Technical information
- Facility ID: 7634
- Class: D
- Power: 1,000 watts day; 9 watts night;
- Transmitter coordinates: 40°24′32″N 91°10′13″W﻿ / ﻿40.40876°N 91.17017°W

= WCAZ (990 AM) =

WCAZ (990 AM, "Talk 990") was a commercial radio station, whose operating license was cancelled by the Federal Communications Commission (FCC) on April 21, 2017. First licensed in May 1922, WCAZ had been one of the oldest radio stations in the United States. At the time of its deletion the station was licensed to the Ralla Broadcasting Company in Carthage, Illinois, and featured a talk/personality format.

Following the license cancellation, in the opinion of the FCC the station effectively began operating as a pirate radio station, when it continued regular broadcasts, still identifying itself as "WCAZ", despite FCC orders to cease. The station finally ended operations shortly after noon CST on December 31, 2017.

==History==
WCAZ was first licensed on May 15, 1922, to Robert E. Compton and the Quincy Whig-General newspaper in Quincy, Illinois, operating on the shared 360 meter (833 kHz) "entertainment" wavelength. The WCAZ call letters were randomly assigned from a sequential roster of available call signs. In December 1922 the station became jointly owned by Compton and Carthage College, and was moved to the college's campus in Carthage, Illinois. In 1923 the station moved to 1220 kHz, and the college assumed sole ownership in September. WCAZ was deleted on September 8, 1924, relicensed on November 8, 1924, deleted again on November 2, 1925, and relicensed on September 11, 1926.
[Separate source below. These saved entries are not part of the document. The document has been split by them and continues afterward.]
Lemma ratio_gap a b v A B K : 0 < A -> 0 < B -> A <= 4 * B ->
  0 <= a -> 0 <= v -> 0 < K -> 0 < a * b / A -> 4 * K * v < b ->
  K * (a * v / B) < a * b / A.
Proof.
move=> A0 B0 AB a0 v0 K0 Ppos gap.
have apos : 0 < a.
  case: (Rle_lt_or_eq_dec _ _ a0) => // a_eq0.
  by rewrite -a_eq0 /Rdiv !Rmult_0_l in Ppos; lra.
have invB : / B <= 4 * / A.
  apply: (Rmult_le_reg_l (A * B)); first nra.
  have -> : A * B * / B = A by field; lra.
  have -> : A * B * (4 * / A) = 4 * B by field; lra.
  lra.
have Kav : 0 <= K * a * v by apply: Rmult_le_pos; nra.
have iA := Rinv_0_lt_compat _ A0.
apply: (Rle_lt_trans _ (4 * (K * a * v) * / A)).
  by rewrite /Rdiv; nra.
by rewrite /Rdiv; apply: Rmult_lt_compat_r => //; nra.
Qed.

Lemma product_form_tail (T : finType) (P Q a b v : T -> R) (A B c eps : R) :
  dominated P Q -> 0 < eps < 1/3 -> 0 <= c -> relent P Q <= c / eps ->
  0 < A -> 0 < B -> A <= 4 * B ->
  (forall t, P t = a t * b t / A) -> (forall t, Q t = a t * v t / B) ->
  (forall t, 0 <= a t) -> (forall t, 0 <= v t) ->
  prob P (fun t => ~~ Rleb (b t) (Rpower 2 (Defs.Delta c eps) * v t)) <= eps.
Proof.
move=> PQ eps_bd c0 div A0 B0 AB Pdef Qdef a0 v0.
apply: (relent_tail_eps PQ eps_bd c0 div) => t.
rewrite Rpower2_Delta Pdef Qdef => /RlebP /Rnot_le_lt gap Ppos.
by apply: ratio_gap => //; apply: exp_pos.
Qed.

Lemma ratio_near_one r q : 0 < q -> Rabs (1 - r / q) <= 1/2 -> q / 2 <= r <= 3 * q / 2.
Proof.
move=> q0; set t := r / q => near.
have := Rle_abs (1 - t); have := Rle_abs (- (1 - t)); rewrite Rabs_Ropp.
have -> : r = t * q by rewrite /t; field; lra.
split; nra.
Qed.

(* rescaling a log2-summand of a conditional distribution by the conditioning mass s *)
Lemma relent_term_scale a s b d : 0 <= a -> 0 <= s -> (s = 0 -> a = 0) ->
  (0 < a -> 0 < b) -> (0 < s -> 0 < d) ->
  s * (if Rltb 0 (a / s) then a / s * log2 (a / s / (b / d)) else 0) =
  (if Rltb 0 a then a * log2 (a * d / (s * b)) else 0).
Proof.
move=> a0 s0 s_eq0 ab sd.
have no00 : Rltb 0 0 = false by case: RltbP => //; lra.
case: (Rle_lt_or_eq_dec _ _ s0) => [spos | s_0]; last first.
  by rewrite -s_0 (s_eq0 (esym s_0)) Rmult_0_l no00.
case: (Rle_lt_or_eq_dec _ _ a0) => [apos | <-]; last first.
  by rewrite /Rdiv Rmult_0_l no00; ring.
have bpos := ab apos; have dpos := sd spos.
case: RltbP => [_ | ]; last by have := Rdiv_lt_0_compat _ _ apos spos.
case: RltbP => [_ | ] //.
have -> : a / s / (b / d) = a * d / (s * b) by field; lra.
by field; lra.
Qed.

Lemma sum_ppair (X Y : finType) (p : X -> Y -> R) :
  rsum (fun x => rsum (fun y => p x y)) = 1 -> rsum (ppair p) = 1.
Proof. by rewrite /ppair (rsum_pair (fun x y => p x y)). Qed.

Lemma prp_compl (X Y : finType) (p : X -> Y -> R) (E : X -> Y -> bool) :
  rsum (fun x => rsum (fun y => p x y)) = 1 ->
  prp p E = 1 - prob (ppair p) (fun z => ~~ E z.1 z.2).
Proof. by move=> hp1; rewrite /prp prob_compl sum_ppair. Qed.
Lemma Wmat_spectrum {R : rcfType} {n p} {Sigma : 'M[R]_p} (X : 'M[R]_(p, n)) :
  posdef Sigma -> exists mu : 'I_n -> R,
  [/\ forall j, 0 <= mu j,
      (\sum_j (mu j != 0%R))%N = \rank (centered X),
      \tr (Wmat Sigma X) = \sum_j mu j
    & forall a c0, 0 < a -> bS n p (Wmat Sigma X) a c0 = bS_spectral p mu a c0].
Proof.
move=> Sigma_pd; set C := centered X; set S := invmx Sigma.
have S_pd : posdef S by exact: posdef_invmx.
have W_CB : Wmat Sigma X = C *m (C^T *m S) by rewrite /Wmat mulmxA.
have [P [mu [P_unit M_diag]]] := realsym_diagonalizable (gram_sym C S_pd).
have mu_ge0 j : 0 <= mu ord0 j.
  exact: eigenvalue_psd_ge0 (gram_psd C S_pd) (eigenvalue_diagonalizable P_unit M_diag j).
exists (fun j => mu ord0 j); split.
- exact: mu_ge0.
- by rewrite -(mxrank_diagonalizable P_unit M_diag) mxrank_gram.
- by rewrite W_CB mxtrace_mulC (mxtrace_diagonalizable P_unit M_diag).
move=> a c0 a_gt0; have a0 : a != 0 by rewrite gt_eqF.
have mua0 j : mu ord0 j + a != 0 by rewrite gt_eqF // ltr_wpDl.
have [M_unit tr1 tr2] := resolvent_diagonalizable P_unit M_diag mua0.
rewrite W_CB bS_tracesE ?(unitmx_resolvent_mulC a0 M_unit) // /Vmat.
by rewrite (mxtrace_resolvent_mulC a0 M_unit) (mxtrace_resolvent2_mulC a0 M_unit) tr1 tr2.
Qed.

Lemma exists_gt0_count (R : numDomainType) n (mu : 'I_n -> R) :
  (forall j, 0 <= mu j) -> (0 < \sum_j (mu j != 0%R))%N -> exists j, 0 < mu j.
Proof.
move=> mu_ge0; case: (pickP (fun j => mu j != 0)) => [j mj _ | mu0].
  by exists j; rewrite lt_def mj mu_ge0.
by rewrite big1 // => j _; rewrite mu0.
Qed.

Lemma minn_rank_gap (R : numDomainType) n p : (0 < n)%N ->
  (p%:R - (minn n.-1 p)%:R) * (n%:R - 1 - (minn n.-1 p)%:R) = 0 :> R.
Proof.
move=> n_gt0; have n1 : n.-1%:R = n%:R - 1 :> R by rewrite -subn1 natrB.
case: (leqP n.-1 p) => _; last by rewrite subrr mul0r.
by rewrite n1 subrr mulr0.
Qed.

Lemma minn_limit (R : realDomainType) n p : (0 < n)%N ->
  ((n%:R - 1) * p%:R - 2)
  - (minn n.-1 p)%:R * (n%:R - p%:R - 1 + 2 * (p%:R - (minn n.-1 p)%:R) - 1) =
  Num.min ((n%:R - 1) ^+ 2 + (n%:R - 1) - 2) (p%:R ^+ 2 + p%:R - 2) :> R.
Proof.
move=> n_gt0; have n1 : n.-1%:R = n%:R - 1 :> R by rewrite -subn1 natrB.
have n1_ge0 : 0 <= n%:R - 1 :> R by rewrite -n1.
have p_ge0 : 0 <= p%:R :> R by [].
case: (leqP n.-1 p) => [le_np|lt_pn].
  rewrite n1 min_l; first by ring.
  by move: le_np; rewrite -(ler_nat R) n1 => ?; nra.
rewrite min_r; first by ring.
by move: lt_pn => /ltnW; rewrite -(ler_nat R) n1 => ?; nra.
Qed.

Theorem proposition4 (R : rcfType) (n p : nat) (Sigma : 'M[R]_p) (X : 'M[R]_(p, n)) :
  (2 <= n)%N -> (1 <= p)%N -> posdef Sigma ->
  1 < `|n%:R - p%:R - 1 : R| ->
  (* the almost-sure event: X - Xbar has its generic rank min(n-1, p) *)
  \rank (centered X) = minn n.-1 p ->
  let W := Wmat Sigma X in
  let L0 := Num.min ((n%:R - 1) ^+ 2 + (n%:R - 1) - 2) (p%:R ^+ 2 + p%:R - 2) in
  [/\ lim0 (fun c => bS n p W c 0) L0,
      lim0 (fun c => bS n p W (c * \tr W) c) L0,
      liminfty (fun c => bS n p W c 0) (-2)
    & liminfty (fun c => bS n p W (c * \tr W) c) 0].
Proof.
move=> n_ge2 p_ge1 Sigma_pd _ rankC W L0.
have [mu [mu_ge0 count_nz trW bSE]] := Wmat_spectrum X Sigma_pd.
rewrite rankC in count_nz.
have mu_pos : exists j, 0 < mu j by apply: exists_gt0_count mu_ge0 _; rewrite count_nz; lia.
have m_gt0 := sum_mu_gt0 mu mu_ge0 mu_pos.
have n_gt0 : (0 < n)%N := ltnW n_ge2.
have small (c0 : R -> R) := bS_spectral_small p mu mu_ge0 mu_pos count_nz
  (minn_rank_gap R n p n_gt0) (c0 := c0).
rewrite (minn_limit R n p n_gt0) -/L0 in small.
have lim0_div : lim0 (fun c => c / \sum_j mu j) 0.
  by have := lim0M lim0_id (lim0_cst (\sum_j mu j)^-1); rewrite mul0r.
split.
- move: (small _ (lim0_cst 0)) => /lim0_ext; apply=> c c_gt0.
  by rewrite bSE.
- move: (lim0_scale m_gt0 (small _ lim0_div)) => /lim0_ext; apply=> c c_gt0.
  by rewrite trW bSE ?mulr_gt0 // mulfK ?gt_eqF.
- apply: liminfty_lim0V; move: (bS_spectral_large p mu mu_ge0 mu_pos) => /lim0_ext.
  by apply=> t t_gt0; rewrite bSE ?invr_gt0.
- apply: liminfty_lim0V; have m_inv_gt0 : 0 < (\sum_j mu j)^-1 by rewrite invr_gt0.
  move: (lim0_scale m_inv_gt0 (bS_spectral_large_tr p mu mu_ge0 mu_pos)) => /lim0_ext.
  apply=> t t_gt0; rewrite trW bSE ?mulr_gt0 ?invr_gt0 //.
  by rewrite invfM invrK mulfVK ?gt_eqF.
Qed.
Following the establishment of the Federal Radio Commission (FRC), stations were initially issued a series of temporary authorizations starting on May 3, 1927. WCAZ was reassigned to 880 kHz on June 15, 1927, and to 1200 kHz later that year. Stations were also notified that if they wanted to continue operating, they needed to file a formal license application by January 15, 1928, as the first step in determining whether they met the new "public interest, convenience, or necessity" standard. On May 25, 1928, the FRC issued General Order 32, which notified 164 stations, including WCAZ, that "From an examination of your application for future license it does not find that public interest, convenience, or necessity would be served by granting it." However, the station successfully convinced the commission that it should remain licensed.

On November 11, 1928, under the provisions of the FRC's General Order 40, the station was assigned to 1070 kHz, with daylight only operation. Carthage College continued to operate WCAZ until February 21, 1930, when the station was sold back to Robert Compton and his associates, doing business as the Superior Broadcasting Company.

With the implementation of the North American Regional Broadcasting Agreement, on March 29, 1941, most of the stations on 1070 kHz moved to 1100 kHz. However, due to interference concerns, WCAZ was shifted to 1080 kHz. In 1947, WCAZ was authorized to move to its final assignment, 990 kHz.

Robert Compton died at the age of 54 in June 1950, and station ownership was then transferred to Zola N. Compton.

===Station deletion===

On January 31, 2007, the Federal Communications Commission (FCC) assessed WCAZ a fine of $3,500, for failing to file a timely license renewal application. However, the station failed to pay, and on April 21, 2017, the Ralla Broadcasting Company's Robin R. Dunham was sent a certified letter by the FCC, informing him that because WCAZ had not made any arrangements to pay the fine, "all authority to operate station WCAZ(AM), Carthage, Illinois, IS TERMINATED" and the station's license and call letters had been cancelled and deleted.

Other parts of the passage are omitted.